Prompt:
Each line in the entries below that holds the string "rewrite" must be copied.

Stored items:

++++++++++

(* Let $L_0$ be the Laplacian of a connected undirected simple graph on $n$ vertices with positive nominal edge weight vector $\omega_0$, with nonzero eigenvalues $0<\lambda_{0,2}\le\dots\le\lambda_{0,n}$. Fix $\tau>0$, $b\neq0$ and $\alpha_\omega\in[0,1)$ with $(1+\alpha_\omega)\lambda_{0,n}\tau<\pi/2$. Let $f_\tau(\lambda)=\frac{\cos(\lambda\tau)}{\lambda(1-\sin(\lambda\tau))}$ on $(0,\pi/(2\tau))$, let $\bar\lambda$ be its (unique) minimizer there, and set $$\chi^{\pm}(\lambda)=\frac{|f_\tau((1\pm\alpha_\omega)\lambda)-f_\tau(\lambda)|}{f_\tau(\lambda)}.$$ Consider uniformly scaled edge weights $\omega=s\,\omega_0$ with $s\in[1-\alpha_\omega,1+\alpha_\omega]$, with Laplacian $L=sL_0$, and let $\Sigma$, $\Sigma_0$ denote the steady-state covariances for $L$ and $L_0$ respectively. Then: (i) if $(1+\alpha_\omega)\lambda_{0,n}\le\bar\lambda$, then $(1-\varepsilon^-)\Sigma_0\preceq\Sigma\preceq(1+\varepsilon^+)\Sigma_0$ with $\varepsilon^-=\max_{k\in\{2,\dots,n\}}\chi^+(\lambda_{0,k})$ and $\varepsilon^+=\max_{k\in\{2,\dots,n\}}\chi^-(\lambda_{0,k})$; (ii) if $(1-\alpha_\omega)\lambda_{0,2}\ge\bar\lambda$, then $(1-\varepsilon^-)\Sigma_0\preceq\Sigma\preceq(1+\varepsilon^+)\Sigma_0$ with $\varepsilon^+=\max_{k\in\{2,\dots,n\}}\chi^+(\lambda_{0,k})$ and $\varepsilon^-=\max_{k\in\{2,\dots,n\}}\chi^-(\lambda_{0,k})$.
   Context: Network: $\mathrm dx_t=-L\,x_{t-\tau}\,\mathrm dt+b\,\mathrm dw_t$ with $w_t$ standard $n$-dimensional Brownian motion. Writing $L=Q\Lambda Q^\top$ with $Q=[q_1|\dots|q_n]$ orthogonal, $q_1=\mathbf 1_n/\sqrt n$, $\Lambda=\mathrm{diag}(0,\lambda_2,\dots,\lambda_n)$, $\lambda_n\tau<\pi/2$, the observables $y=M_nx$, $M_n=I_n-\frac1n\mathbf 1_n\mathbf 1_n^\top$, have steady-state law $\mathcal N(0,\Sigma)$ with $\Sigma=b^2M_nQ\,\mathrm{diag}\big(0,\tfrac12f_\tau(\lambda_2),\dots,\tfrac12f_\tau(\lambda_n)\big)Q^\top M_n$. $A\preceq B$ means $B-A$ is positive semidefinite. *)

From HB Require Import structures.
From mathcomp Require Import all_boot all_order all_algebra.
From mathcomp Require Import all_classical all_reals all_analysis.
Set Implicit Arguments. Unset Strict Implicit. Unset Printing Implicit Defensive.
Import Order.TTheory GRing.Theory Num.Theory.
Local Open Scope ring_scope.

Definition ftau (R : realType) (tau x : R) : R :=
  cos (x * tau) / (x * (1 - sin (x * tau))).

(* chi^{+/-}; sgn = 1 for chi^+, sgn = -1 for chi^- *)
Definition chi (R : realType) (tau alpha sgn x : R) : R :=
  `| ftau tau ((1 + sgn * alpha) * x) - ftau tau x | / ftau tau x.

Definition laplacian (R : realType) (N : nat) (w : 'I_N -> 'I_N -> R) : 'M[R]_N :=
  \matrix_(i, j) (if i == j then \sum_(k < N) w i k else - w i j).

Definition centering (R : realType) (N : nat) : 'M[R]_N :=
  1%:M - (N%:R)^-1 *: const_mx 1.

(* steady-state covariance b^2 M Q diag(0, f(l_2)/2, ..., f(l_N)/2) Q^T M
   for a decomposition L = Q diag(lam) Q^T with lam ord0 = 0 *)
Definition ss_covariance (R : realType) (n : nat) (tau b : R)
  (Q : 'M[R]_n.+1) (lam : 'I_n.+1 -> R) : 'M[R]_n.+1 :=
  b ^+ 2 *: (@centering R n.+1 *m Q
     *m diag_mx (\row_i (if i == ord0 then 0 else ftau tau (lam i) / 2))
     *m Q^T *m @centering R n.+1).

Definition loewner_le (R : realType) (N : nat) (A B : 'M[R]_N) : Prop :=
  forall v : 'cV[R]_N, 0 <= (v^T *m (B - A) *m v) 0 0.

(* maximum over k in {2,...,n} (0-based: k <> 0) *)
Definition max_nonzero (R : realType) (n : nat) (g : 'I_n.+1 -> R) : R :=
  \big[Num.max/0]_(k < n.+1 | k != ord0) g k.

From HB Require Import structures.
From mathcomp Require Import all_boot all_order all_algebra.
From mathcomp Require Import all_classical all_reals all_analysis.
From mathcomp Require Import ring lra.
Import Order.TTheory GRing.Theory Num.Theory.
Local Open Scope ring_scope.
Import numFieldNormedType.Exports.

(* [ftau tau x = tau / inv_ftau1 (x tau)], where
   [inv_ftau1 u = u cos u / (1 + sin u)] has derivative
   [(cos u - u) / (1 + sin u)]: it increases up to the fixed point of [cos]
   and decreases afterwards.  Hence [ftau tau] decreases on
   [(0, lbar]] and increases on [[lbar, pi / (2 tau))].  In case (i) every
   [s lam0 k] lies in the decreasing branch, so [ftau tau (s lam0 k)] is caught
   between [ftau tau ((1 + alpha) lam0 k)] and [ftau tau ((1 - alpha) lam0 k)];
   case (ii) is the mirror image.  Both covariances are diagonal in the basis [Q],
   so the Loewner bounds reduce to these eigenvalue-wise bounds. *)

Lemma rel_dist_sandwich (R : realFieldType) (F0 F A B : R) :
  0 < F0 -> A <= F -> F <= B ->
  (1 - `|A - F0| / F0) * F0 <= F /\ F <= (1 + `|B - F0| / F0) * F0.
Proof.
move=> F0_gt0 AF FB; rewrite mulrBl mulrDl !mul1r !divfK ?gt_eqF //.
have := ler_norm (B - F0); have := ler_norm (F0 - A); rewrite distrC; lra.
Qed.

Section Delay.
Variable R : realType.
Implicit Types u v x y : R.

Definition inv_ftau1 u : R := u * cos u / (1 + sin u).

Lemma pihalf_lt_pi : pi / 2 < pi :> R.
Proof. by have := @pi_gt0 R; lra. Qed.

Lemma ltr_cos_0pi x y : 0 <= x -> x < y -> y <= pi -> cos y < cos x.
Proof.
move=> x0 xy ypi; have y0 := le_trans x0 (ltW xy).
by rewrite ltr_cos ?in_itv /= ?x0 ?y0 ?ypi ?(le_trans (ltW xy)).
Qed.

++++++++++

Response below:
move=> F0_gt0 AF FB; rewrite mulrBl mulrDl !mul1r !divfK ?gt_eqF //.
have := ler_norm (B - F0); have := ler_norm (F0 - A); rewrite distrC; lra.
by rewrite ltr_cos ?in_itv /= ?x0 ?y0 ?ypi ?(le_trans (ltW xy)).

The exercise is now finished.